Bootstrap Few-shot Prompting with LangSmith

Prompt engineering is a pain. You can use examples to optimize the prompt for you with the help of tools like LangSmith. Instead of guessing which examples will be the most impactful, you can use tried-and-true evaluation practices to curate and compile the right examples for your pipeline. The main steps are:

Create a dataset
Pick a metric to improve
Create an initial system
Decide the update logic (few-shot examples vs. instruction teaching vs. other methods, how to format the examples, etc.)
Train!

Below is an example bootstrapping a gpt-3.5-turbo model on an entailment task using few-shot examples. This example inspired by Christopher Potts' example on the SCONE dataset.

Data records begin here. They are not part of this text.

Lemma ge0_le_integral_nomeas (mu : {measure set T -> \bar R}) (f g : T -> R) :
  (forall x, (0 <= f x)%R) -> (forall x, (f x <= g x)%R) ->
  \int[mu]_x (f x)%:E <= \int[mu]_x (g x)%:E.
Proof.
move=> f0 fg; have g0 x : (0 <= g x)%R by exact: le_trans (f0 x) (fg x).
rewrite !ge0_integralTE ?lee_fin //; apply: ereal_sup_le => _ [h hf <-].
by exists h => //= x; apply: le_trans (hf x) _; rewrite lee_fin.
Qed.

Lemma le_integral_shift (P : probability T R) (f g : T -> R) (c : R) :
  (forall x, (0 <= f x)%R) -> (forall x, (0 <= g x)%R) -> (0 <= c)%R ->
  (forall x, (f x <= g x + c)%R) ->
  \int[P]_x (f x)%:E <= \int[P]_x (g x)%:E + c%:E.
Proof.
move=> f0 g0 c0 fgc; rewrite [leLHS]ge0_integralTE ?lee_fin //.
apply: ge_ereal_sup => _ [h hf <-] /=; rewrite -integralT_nnsfun.
(* for a simple [h <= f], [(h - c)^+] is a measurable minorant of [g] and
   [h <= (h - c)^+ + c] *)
pose k := ((fun x => h x - c) ^\+)%R.
have k0 x : (0 <= k x)%R by rewrite /k /funrpos le_max lexx orbT.
have mk : measurable_fun setT k.
  exact/measurable_funrpos/measurable_funB/measurable_cst.
apply: (@le_trans _ _ (\int[P]_x ((k x)%:E + c%:E))).
  apply: ge0_le_integral => //.
  - by move=> x _; rewrite lee_fin.
  - exact/measurable_EFinP.
  - exact/emeasurable_funD/measurable_cst/measurable_EFinP.
  by move=> x _; rewrite -EFinD lee_fin /k /funrpos -lerBlDr le_max lexx.
rewrite ge0_integralD //; last 2 first.
- by move=> x _; rewrite lee_fin.
- exact/measurable_EFinP.
have P1 : (P : measure T R) [set: T] = 1 by exact: probability_setT.
rewrite integral_cst // P1 mule1 leeD2r //.
apply: ge0_le_integral_nomeas => // x; rewrite /k /funrpos ge_max g0 andbT.
by rewrite lerBlDr; apply: le_trans (fgc x); move: (hf x); rewrite lee_fin.
Qed.

Lemma average_near (mu : {measure set T -> \bar R}) (B : set T) (f : T -> R)
    (c e : R) : measurable B -> measurable_fun B f ->
  (forall x, B x -> (0 <= f x)%R) -> (forall x, B x -> (`|f x - c| <= e)%R) ->
  mu B != 0 -> mu B < +oo ->
  (`|c - fine (\int[mu]_(x in B) (f x)%:E) / fine (mu B)| <= e)%R.
Proof.
move=> mB mf f0 fce muB0 muBoo.
have muBE : mu B = (fine (mu B))%:E by rewrite fineK // ge0_fin_numE.
have l0 : (0 < fine (mu B))%R.
  by rewrite lt0r fine_ge0 // andbT; apply: contra muB0 => /eqP l0; rewrite muBE l0.
have mfE : measurable_fun B (EFin \o f) by exact/measurable_EFinP.
have f_le x : B x -> (f x <= c + e)%R.
  by move=> /fce; rewrite ler_distl => /andP[].
have f_ge x : B x -> (c - e <= f x)%R.
  by move=> /fce; rewrite ler_distl => /andP[].
have int_le : \int[mu]_(x in B) (f x)%:E <= ((c + e) * fine (mu B))%:E.
  by rewrite EFinM -muBE -integral_cst //; apply: ge0_le_integral.
have int_ge0 : 0 <= \int[mu]_(x in B) (f x)%:E.
  by apply: integral_ge0 => x /f0; rewrite lee_fin.
have intE : \int[mu]_(x in B) (f x)%:E = (fine (\int[mu]_(x in B) (f x)%:E))%:E.
  by rewrite fineK // ge0_fin_numE // (le_lt_trans int_le) ?ltry.
have int_ge : ((c - e) * fine (mu B) <= fine (\int[mu]_(x in B) (f x)%:E))%R.
  have [ce0|ce0] := leP (c - e)%R 0%R.
    by apply: le_trans (fine_ge0 int_ge0); rewrite pmulr_lle0.
  rewrite -lee_fin -intE EFinM -muBE -integral_cst //.
  by apply: ge0_le_integral => // x _; rewrite lee_fin ltW.
move: int_le; rewrite intE lee_fin => int_le.
by rewrite (@ler_distlC _ c) /= ler_pdivlMr // ler_pdivrMr // int_ge int_le.
Qed.
End integral_tools.

Lemma unif_bounded_comp (R : realType) (I J X : Type) (F : I -> X -> R)
  (h : J -> I) : unif_bounded F -> unif_bounded (F \o h).
Proof. by move=> [M F_le]; exists M => j; exact: F_le. Qed.

Section polish_state_space.
Context {d : measure_display} {R : realType} {X : measurableType d}
  (dist : X -> X -> R).
Hypothesis Xpolish : polish_borel dist.

Lemma distxx x : dist x x = 0.
Proof. by case: Xpolish => -[_ dist0 _ _] _ _ _; apply/dist0. Qed.

Lemma distC x y : dist x y = dist y x.
Proof. by case: Xpolish => -[]. Qed.

Lemma dist_triangle x y z : dist x z <= dist x y + dist y z.
Proof. by case: Xpolish => -[]. Qed.

Lemma measurable_dball z r : measurable (dball dist z r).
Proof.
by case: Xpolish => _ _ _ borel; apply/borel; apply: sub_sigma_algebra; exists z, r.
Qed.

Definition dense_seq : nat -> X :=
  projT1 (cid (let: And4 _ _ separable _ := Xpolish in separable)).

Lemma dense_seqP x e : 0 < e -> exists n, dist x (dense_seq n) < e.
Proof. by rewrite /dense_seq; case: cid => s s_dense /=; exact: s_dense. Qed.

Definition base_ball (i : nat) : set X :=
  let: (j, k) := odflt (0, 0)%N (unpickle i) in
  dball dist (dense_seq j) k.+1%:R^-1.

Lemma measurable_base_ball i : measurable (base_ball i).
Proof. by rewrite /base_ball; case: (odflt _ _) => j k; exact: measurable_dball. Qed.

Lemma base_ball_sub_dball z r : 0 < r ->
  exists i, base_ball i z /\ base_ball i `<=` dball dist z r.
Proof.
move=> r0; have [N _ /(_ N (leqnn N)) N_lt] :=
  near_infty_natSinv_lt (PosNum (divr_gt0 r0 (ltr0n _ 2))).
have [j zj] : exists j, dist z (dense_seq j) < N.+1%:R^-1.
  by apply: dense_seqP; rewrite invr_gt0.
exists (pickle (j, N)); rewrite /base_ball pickleK /=.
split=> [|w jw]; first by rewrite /dball /= distC.
rewrite /dball /= (splitr r); apply: le_lt_trans (dist_triangle z (dense_seq j) w) _.
by apply: ltrD; apply: lt_trans N_lt.
Qed.

Lemma dball_sub_base_ball i z : base_ball i z ->
  exists2 r, 0 < r & dball dist z r `<=` base_ball i.
Proof.
rewrite /base_ball; case: (odflt _ _) => j k /= zjk.
exists (k.+1%:R^-1 - dist (dense_seq j) z); first by rewrite subr_gt0.
move=> w /= zw; apply: le_lt_trans (dist_triangle _ z w) _.
by rewrite -ltrBrDl.
Qed.

Definition locally (P : set X -> Prop) : set X :=
  [set z | exists2 r, 0 < r & P (dball dist z r)].

Section locally.
Variable P : set X -> Prop.
Hypothesis P_sub : forall A B, measurable A -> measurable B -> A `<=` B -> P B -> P A.

Lemma locally_bigcup :
  locally P = \bigcup_i (base_ball i `&` [set _ | P (base_ball i)]).
Proof.
apply/seteqP; split => z /=.
  move=> [r r0 Pr]; have [i [zi ir]] := base_ball_sub_dball z r r0.
  exists i => //; split => //.
  exact: P_sub (measurable_base_ball i) (measurable_dball z r) ir Pr.
move=> [i _ [zi Pi]]; have [r r0 ri] := dball_sub_base_ball i z zi.
exists r => //; exact: P_sub (measurable_dball z r) (measurable_base_ball i) ri Pi.
Qed.

Lemma measurable_locally : measurable (locally P).
Proof.
rewrite locally_bigcup; apply: bigcupT_measurable => i.
exact: measurableI (measurable_base_ball i) (measurable_cst_prop _ _ _).
Qed.
End locally.

Lemma measurable_open U :
  (forall z, U z -> exists2 r, 0 < r & dball dist z r `<=` U) -> measurable U.
Proof.
move=> U_open; rewrite (_ : U = locally (fun B => B `<=` U)).
  by apply: measurable_locally => A B _ _; exact: subset_trans.
apply/seteqP; split=> [z /U_open //|z [r r0]]; apply.
by rewrite /dball /= distxx.
Qed.

Definition dist_continuous (f : X -> R) := forall z e, 0 < e ->
  exists2 del, 0 < del & forall w, dist w z < del -> `|f w - f z| < e.

Lemma equicont_continuous (I : Type) (F : I -> X -> R) :
  equicont dist F -> forall i, dist_continuous (F i).
Proof.
by move=> F_equi i z e /(F_equi z)[del del0 F_del]; exists del => // w /F_del.
Qed.

Lemma equicont_comp (I J : Type) (F : I -> X -> R) (h : J -> I) :
  equicont dist F -> equicont dist (F \o h).
Proof.
move=> F_equi z e /(F_equi z)[del del0 F_del].
by exists del => // w /F_del F_wz j; exact: F_wz.
Qed.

The task is natural language inference, where the LLM is required to predict whether the a statement can be logically concluded from a premise / grounding statement.

%pip install -U langsmith langchain langchain_openai pandas

import os

# Update with your API URL if using a hosted instance of Langsmith.
os.environ["LANGCHAIN_ENDPOINT"] = "https://api.smith.langchain.com"
os.environ["LANGCHAIN_TRACING_V2"] = "true"
os.environ["LANGCHAIN_API_KEY"] = "YOUR API KEY"
os.environ["OPENAI_API_KEY"] = "YOUR API KEY"

# We can do the same thing with a SQLite cache
from langchain.cache import SQLiteCache
from langchain_core.globals import set_llm_cache

set_llm_cache(SQLiteCache(database_path=".langchain.db"))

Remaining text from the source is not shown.